**To do**
Only one stretch of the records below should be repeated. It starts with the line containing "of edges of" and goes on through the line containing "connect (fun a", exactly as written.

**Records supplied**

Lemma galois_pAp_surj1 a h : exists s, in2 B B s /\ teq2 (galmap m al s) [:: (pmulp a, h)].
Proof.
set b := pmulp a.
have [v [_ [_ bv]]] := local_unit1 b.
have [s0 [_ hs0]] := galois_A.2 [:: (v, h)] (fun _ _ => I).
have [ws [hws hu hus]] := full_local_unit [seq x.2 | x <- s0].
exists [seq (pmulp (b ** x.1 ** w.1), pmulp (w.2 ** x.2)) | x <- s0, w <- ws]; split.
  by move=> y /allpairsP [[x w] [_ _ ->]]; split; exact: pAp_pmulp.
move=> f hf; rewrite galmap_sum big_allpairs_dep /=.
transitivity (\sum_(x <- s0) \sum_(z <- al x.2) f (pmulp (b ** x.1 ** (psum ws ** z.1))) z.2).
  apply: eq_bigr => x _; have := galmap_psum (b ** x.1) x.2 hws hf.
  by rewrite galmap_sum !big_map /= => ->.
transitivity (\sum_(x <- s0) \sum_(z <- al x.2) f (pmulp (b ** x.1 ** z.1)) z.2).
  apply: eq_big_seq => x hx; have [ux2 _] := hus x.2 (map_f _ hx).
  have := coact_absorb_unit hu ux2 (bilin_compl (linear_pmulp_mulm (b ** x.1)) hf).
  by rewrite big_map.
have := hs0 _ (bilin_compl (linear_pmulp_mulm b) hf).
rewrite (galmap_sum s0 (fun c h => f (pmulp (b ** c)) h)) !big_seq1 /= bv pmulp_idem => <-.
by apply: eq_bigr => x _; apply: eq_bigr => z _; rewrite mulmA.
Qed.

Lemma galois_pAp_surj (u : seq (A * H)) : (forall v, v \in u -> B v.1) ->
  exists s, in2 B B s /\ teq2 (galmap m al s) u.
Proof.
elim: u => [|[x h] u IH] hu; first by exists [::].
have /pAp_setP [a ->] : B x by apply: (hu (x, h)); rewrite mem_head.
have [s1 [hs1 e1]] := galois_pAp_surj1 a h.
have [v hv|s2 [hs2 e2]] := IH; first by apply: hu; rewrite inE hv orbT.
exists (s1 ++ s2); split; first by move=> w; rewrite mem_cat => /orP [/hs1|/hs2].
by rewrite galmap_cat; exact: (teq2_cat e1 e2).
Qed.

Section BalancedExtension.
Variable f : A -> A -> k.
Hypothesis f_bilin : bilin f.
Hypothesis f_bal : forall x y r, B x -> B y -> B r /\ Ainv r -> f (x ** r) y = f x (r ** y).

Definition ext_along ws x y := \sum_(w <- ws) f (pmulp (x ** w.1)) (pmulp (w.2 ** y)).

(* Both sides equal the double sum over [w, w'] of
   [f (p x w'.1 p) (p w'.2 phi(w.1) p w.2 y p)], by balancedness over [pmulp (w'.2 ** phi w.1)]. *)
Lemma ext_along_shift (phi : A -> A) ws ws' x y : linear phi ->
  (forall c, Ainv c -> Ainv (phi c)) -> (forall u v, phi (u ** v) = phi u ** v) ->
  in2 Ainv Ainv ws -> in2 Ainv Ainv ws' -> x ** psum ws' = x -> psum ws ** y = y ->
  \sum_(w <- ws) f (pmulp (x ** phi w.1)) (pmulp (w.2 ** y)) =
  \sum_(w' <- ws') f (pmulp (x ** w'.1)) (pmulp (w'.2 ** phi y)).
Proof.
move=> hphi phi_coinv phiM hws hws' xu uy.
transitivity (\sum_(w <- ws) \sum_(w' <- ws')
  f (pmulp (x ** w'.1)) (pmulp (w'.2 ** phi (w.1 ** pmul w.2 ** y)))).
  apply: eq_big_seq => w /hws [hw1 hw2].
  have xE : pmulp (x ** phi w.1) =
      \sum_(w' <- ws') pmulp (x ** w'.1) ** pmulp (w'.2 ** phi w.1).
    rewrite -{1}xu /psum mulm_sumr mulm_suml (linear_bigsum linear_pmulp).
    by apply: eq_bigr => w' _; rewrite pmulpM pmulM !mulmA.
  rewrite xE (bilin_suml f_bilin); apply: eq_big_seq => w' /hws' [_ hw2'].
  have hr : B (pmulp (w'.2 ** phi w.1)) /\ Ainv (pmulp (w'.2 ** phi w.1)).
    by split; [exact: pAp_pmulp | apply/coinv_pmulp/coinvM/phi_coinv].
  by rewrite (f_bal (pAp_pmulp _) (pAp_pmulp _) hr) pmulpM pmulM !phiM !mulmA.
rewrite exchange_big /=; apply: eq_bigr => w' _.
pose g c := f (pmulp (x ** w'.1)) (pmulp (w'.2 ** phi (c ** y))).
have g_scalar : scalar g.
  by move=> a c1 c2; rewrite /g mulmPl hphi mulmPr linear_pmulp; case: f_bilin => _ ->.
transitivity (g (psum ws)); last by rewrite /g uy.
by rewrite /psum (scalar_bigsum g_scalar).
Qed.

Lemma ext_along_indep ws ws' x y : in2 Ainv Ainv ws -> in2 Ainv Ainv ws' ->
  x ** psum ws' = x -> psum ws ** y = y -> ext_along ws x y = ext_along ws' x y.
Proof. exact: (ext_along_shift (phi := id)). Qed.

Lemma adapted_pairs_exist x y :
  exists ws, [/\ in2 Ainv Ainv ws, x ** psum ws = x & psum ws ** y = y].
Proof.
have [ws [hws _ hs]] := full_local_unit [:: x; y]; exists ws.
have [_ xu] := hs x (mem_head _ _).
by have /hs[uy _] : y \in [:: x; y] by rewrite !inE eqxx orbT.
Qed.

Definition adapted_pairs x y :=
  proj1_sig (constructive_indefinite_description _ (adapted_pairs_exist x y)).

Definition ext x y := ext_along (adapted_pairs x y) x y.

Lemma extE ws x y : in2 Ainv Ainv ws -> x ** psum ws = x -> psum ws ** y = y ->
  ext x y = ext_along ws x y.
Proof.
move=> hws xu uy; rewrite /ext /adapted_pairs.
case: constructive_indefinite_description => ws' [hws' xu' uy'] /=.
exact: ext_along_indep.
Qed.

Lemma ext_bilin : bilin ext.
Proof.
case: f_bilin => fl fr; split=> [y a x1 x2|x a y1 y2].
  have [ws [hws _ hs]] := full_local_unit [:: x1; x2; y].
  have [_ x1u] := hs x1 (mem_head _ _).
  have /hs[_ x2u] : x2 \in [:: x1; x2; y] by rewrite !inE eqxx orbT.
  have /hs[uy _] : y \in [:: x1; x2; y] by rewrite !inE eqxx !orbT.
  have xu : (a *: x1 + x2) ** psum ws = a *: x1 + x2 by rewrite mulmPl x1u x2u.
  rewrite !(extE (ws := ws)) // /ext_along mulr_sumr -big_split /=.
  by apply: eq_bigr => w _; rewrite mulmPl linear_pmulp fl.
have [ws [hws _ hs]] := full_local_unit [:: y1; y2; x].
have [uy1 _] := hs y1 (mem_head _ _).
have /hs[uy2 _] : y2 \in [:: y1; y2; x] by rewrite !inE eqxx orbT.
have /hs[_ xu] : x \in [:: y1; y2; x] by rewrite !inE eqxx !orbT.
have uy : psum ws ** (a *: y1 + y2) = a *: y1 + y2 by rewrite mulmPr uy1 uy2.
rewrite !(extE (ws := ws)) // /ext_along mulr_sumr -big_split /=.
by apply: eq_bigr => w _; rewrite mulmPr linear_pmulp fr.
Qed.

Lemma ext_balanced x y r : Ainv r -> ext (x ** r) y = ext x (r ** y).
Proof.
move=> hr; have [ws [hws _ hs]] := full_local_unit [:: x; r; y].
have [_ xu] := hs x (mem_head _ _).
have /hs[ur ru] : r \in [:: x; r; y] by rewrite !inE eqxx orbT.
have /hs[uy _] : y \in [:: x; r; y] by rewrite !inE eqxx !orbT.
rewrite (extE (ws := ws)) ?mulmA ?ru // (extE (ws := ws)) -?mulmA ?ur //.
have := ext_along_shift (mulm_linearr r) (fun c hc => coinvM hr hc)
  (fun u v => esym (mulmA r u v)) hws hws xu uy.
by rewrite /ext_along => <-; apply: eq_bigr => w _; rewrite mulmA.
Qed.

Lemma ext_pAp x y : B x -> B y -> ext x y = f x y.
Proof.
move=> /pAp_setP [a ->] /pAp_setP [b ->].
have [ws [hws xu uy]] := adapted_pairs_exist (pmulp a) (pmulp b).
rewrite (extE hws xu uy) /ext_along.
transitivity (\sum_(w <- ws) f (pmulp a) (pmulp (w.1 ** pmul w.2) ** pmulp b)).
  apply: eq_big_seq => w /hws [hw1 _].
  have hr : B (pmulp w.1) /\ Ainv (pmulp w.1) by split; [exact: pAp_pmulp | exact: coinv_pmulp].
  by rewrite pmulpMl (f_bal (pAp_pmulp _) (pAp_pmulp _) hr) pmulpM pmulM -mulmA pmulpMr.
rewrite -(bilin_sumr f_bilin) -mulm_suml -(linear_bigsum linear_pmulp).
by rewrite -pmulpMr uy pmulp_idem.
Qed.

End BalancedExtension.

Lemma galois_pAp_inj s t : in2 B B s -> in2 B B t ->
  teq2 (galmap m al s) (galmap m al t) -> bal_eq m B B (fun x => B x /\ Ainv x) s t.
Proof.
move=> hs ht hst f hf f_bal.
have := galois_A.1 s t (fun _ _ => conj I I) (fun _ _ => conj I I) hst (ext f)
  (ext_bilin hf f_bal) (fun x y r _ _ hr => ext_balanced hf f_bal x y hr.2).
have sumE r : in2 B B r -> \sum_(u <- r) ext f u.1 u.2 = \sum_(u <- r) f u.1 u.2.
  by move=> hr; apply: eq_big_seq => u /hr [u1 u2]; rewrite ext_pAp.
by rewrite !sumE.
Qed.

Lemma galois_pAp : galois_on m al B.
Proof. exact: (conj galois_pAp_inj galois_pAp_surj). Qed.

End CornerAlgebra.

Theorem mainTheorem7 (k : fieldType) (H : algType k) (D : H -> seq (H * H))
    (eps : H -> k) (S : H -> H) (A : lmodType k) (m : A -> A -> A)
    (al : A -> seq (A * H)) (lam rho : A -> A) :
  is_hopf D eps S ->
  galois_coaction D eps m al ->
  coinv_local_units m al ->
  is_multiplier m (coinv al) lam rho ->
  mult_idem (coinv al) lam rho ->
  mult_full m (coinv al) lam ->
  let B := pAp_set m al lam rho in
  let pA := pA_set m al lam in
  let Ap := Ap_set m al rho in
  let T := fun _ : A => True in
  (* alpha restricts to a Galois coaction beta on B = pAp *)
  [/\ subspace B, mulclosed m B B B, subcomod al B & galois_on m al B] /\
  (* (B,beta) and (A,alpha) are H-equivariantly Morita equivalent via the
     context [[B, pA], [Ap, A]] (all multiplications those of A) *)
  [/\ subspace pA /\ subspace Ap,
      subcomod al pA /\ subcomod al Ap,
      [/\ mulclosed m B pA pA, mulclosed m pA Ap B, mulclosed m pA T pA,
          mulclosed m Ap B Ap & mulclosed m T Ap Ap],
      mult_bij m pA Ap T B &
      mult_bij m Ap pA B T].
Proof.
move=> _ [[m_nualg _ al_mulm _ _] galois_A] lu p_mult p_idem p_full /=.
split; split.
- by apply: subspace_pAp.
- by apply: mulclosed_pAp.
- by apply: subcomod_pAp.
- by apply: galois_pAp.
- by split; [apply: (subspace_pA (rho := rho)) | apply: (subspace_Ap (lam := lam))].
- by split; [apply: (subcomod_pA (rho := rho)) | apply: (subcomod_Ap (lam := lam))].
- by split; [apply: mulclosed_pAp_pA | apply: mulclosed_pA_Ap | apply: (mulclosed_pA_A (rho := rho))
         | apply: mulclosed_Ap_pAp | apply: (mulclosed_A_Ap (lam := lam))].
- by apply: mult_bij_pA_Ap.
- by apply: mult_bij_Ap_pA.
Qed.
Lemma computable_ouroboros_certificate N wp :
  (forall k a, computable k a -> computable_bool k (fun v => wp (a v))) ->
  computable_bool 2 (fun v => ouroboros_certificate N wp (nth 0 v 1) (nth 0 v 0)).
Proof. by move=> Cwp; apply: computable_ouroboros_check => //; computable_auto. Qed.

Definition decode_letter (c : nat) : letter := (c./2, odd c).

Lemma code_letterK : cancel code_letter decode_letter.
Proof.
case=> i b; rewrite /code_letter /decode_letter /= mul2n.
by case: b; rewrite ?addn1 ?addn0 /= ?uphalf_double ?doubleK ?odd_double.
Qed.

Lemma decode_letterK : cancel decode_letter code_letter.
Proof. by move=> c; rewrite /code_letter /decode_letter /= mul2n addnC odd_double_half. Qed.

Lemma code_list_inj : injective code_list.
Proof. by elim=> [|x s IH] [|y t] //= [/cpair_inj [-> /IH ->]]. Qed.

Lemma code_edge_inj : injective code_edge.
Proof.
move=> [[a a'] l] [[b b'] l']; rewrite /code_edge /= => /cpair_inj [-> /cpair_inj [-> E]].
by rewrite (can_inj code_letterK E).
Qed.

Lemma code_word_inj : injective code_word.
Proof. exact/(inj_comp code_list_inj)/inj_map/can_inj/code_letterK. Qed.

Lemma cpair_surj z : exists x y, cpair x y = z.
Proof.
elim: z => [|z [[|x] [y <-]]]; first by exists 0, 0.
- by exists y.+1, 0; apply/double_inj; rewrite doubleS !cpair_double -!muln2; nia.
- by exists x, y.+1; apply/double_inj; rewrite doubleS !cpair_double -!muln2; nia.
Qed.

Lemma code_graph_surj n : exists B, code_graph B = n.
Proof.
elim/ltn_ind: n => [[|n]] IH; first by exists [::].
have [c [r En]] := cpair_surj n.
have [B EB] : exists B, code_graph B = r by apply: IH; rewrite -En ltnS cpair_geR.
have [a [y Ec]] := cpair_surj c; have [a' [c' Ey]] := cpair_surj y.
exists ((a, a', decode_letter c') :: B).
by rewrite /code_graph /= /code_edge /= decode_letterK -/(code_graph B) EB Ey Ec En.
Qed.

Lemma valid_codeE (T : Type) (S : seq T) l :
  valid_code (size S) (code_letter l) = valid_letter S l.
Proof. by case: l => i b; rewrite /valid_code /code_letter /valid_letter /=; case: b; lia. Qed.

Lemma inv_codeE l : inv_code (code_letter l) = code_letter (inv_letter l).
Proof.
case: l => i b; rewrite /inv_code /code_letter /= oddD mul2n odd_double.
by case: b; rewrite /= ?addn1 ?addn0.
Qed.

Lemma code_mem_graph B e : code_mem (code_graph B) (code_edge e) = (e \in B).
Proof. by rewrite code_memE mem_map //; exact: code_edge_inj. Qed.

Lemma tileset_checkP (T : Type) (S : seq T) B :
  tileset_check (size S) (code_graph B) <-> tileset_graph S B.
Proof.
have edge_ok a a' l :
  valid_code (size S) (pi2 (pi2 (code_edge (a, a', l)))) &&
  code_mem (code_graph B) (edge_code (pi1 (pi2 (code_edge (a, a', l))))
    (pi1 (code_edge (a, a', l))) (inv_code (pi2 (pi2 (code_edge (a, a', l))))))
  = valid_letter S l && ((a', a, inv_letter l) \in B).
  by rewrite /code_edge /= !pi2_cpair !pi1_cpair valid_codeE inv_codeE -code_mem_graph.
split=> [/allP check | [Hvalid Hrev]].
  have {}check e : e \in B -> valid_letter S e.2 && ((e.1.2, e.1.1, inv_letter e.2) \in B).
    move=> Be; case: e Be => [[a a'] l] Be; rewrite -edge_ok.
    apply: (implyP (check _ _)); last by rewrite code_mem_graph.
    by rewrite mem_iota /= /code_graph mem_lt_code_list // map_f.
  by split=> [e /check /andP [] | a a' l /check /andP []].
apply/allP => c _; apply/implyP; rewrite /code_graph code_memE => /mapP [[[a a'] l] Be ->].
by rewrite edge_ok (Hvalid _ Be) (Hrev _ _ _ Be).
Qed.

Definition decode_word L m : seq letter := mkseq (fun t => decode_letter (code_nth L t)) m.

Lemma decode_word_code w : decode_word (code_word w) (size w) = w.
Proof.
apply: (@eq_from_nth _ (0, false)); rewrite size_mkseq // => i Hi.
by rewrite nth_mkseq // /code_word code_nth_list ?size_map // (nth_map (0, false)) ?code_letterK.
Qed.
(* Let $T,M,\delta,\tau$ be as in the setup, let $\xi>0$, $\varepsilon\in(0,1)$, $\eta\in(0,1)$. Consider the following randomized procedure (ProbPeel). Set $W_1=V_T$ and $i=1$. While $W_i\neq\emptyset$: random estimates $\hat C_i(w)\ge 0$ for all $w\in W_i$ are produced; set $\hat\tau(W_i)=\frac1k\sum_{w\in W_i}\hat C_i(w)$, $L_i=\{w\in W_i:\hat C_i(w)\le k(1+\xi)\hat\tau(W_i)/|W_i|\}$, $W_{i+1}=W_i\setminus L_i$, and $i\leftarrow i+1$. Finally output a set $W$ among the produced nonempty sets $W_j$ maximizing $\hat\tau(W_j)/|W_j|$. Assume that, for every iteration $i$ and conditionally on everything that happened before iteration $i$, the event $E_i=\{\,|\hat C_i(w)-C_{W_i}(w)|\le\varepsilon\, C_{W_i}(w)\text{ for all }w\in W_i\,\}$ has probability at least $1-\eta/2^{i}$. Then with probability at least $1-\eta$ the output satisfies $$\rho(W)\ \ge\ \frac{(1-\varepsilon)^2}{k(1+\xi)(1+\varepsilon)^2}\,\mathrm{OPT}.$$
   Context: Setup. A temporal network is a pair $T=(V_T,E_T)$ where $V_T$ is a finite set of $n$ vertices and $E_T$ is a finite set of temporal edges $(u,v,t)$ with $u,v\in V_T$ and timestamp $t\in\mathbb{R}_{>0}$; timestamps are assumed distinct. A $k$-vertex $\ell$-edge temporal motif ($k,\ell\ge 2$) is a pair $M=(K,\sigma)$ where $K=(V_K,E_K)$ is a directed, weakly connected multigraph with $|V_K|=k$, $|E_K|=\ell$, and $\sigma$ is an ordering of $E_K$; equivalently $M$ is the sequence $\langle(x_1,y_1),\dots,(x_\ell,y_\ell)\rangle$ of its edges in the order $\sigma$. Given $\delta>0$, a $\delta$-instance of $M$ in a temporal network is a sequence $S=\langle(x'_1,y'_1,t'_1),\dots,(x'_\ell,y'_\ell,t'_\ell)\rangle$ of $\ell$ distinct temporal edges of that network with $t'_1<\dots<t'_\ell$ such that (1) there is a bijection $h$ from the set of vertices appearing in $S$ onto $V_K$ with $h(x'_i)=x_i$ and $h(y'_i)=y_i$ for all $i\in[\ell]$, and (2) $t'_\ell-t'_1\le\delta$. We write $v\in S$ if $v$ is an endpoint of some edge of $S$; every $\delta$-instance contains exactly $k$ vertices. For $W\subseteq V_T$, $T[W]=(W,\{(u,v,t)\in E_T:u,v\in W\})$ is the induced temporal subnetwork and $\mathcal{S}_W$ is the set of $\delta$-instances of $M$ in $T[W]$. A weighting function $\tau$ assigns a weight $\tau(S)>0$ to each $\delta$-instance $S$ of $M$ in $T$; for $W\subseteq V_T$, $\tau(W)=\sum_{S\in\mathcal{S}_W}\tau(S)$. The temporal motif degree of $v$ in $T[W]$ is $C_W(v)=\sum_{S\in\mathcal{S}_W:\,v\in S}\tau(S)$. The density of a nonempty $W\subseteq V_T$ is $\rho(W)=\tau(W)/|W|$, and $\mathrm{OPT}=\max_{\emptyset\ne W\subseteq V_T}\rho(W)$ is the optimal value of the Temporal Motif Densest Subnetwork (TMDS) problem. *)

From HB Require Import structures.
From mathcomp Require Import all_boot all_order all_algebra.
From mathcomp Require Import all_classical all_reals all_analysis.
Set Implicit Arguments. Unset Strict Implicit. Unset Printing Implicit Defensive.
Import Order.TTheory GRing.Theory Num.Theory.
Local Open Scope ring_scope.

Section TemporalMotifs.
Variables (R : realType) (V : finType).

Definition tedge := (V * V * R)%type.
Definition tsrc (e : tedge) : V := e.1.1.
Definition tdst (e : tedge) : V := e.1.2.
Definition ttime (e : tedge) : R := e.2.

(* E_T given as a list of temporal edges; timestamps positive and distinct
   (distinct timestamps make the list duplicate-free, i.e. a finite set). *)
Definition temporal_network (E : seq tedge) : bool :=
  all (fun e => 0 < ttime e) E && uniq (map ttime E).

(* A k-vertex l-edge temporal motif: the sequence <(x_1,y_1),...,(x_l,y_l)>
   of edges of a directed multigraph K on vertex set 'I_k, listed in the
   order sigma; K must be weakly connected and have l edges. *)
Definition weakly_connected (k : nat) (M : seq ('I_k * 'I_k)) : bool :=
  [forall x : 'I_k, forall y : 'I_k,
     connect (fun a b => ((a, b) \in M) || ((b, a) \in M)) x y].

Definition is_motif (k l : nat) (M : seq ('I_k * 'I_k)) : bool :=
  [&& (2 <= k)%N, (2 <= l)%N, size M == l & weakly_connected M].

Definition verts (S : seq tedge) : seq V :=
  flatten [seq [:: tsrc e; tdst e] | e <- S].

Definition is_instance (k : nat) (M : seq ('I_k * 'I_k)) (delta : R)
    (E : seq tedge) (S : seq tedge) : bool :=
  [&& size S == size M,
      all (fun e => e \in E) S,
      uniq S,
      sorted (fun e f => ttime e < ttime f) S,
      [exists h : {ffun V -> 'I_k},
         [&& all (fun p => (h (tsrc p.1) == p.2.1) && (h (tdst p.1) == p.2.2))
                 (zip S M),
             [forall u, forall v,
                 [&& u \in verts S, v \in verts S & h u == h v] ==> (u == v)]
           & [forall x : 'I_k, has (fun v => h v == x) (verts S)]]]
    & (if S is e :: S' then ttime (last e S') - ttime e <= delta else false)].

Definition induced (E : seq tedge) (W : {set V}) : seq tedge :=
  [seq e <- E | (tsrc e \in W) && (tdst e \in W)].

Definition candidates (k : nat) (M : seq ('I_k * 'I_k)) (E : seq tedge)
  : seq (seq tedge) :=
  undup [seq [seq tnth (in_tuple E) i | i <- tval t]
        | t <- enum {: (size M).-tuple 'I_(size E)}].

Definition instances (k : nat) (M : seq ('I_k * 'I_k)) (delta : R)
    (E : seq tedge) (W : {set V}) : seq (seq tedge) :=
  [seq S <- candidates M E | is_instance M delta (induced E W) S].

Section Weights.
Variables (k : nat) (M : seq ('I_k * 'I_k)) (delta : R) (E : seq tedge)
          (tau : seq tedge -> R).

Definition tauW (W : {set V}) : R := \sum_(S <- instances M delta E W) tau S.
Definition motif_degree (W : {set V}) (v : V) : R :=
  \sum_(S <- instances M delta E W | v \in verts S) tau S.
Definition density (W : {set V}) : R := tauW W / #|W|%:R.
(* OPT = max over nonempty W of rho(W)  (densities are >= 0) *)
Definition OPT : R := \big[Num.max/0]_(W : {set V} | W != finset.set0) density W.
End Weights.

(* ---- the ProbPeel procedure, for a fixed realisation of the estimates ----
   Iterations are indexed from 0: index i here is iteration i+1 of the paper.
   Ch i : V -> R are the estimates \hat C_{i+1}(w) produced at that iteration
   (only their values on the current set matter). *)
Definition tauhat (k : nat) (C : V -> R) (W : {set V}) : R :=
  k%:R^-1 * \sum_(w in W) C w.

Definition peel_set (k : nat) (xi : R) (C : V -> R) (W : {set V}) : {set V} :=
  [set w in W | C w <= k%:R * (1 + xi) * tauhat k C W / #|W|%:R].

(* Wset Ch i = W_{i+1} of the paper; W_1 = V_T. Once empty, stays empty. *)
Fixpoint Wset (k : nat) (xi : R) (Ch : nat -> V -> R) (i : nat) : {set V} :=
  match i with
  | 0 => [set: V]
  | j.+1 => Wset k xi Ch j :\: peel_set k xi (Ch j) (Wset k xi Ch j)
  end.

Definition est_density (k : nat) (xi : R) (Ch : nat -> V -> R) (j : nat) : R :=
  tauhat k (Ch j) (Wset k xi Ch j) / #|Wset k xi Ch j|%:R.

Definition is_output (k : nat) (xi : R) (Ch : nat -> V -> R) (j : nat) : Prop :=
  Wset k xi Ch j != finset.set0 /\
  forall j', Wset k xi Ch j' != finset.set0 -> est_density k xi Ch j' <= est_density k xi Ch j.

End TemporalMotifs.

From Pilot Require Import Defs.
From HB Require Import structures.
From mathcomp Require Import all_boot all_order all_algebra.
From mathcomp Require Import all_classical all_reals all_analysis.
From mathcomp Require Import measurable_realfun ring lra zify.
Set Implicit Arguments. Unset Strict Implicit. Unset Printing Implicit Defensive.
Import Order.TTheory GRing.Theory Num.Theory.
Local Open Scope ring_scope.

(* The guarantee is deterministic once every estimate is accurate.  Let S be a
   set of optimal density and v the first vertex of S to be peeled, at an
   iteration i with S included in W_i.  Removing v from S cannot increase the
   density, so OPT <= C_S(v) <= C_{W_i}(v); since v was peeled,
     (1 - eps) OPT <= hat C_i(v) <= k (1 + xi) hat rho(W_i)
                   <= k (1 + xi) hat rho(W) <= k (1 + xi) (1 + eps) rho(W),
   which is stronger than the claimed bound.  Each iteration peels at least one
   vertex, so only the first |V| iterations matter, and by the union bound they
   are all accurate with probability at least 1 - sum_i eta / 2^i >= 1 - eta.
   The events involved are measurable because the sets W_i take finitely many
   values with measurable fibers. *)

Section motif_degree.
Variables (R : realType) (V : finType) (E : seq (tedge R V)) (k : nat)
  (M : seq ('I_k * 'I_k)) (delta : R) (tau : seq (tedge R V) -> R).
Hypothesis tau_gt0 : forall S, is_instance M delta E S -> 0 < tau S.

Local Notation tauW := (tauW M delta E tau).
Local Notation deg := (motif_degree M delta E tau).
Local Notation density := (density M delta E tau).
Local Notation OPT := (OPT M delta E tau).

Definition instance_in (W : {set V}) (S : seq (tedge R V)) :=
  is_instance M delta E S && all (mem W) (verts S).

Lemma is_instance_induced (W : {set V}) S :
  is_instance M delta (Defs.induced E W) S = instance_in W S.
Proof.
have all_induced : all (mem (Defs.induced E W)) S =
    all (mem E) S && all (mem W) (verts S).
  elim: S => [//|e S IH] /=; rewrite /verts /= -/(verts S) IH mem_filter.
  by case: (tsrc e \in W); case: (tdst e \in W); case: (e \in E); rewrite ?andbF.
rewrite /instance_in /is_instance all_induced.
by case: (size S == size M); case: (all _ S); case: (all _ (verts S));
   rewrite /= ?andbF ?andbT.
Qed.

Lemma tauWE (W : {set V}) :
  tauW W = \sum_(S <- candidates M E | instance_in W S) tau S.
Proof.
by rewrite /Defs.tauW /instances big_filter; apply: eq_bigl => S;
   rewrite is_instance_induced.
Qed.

**Solution for this task**
   of edges of a directed multigraph K on vertex set 'I_k, listed in the
   order sigma; K must be weakly connected and have l edges. *)
Definition weakly_connected (k : nat) (M : seq ('I_k * 'I_k)) : bool :=
  [forall x : 'I_k, forall y : 'I_k,
     connect (fun a b => ((a, b) \in M) || ((b, a) \in M)) x y].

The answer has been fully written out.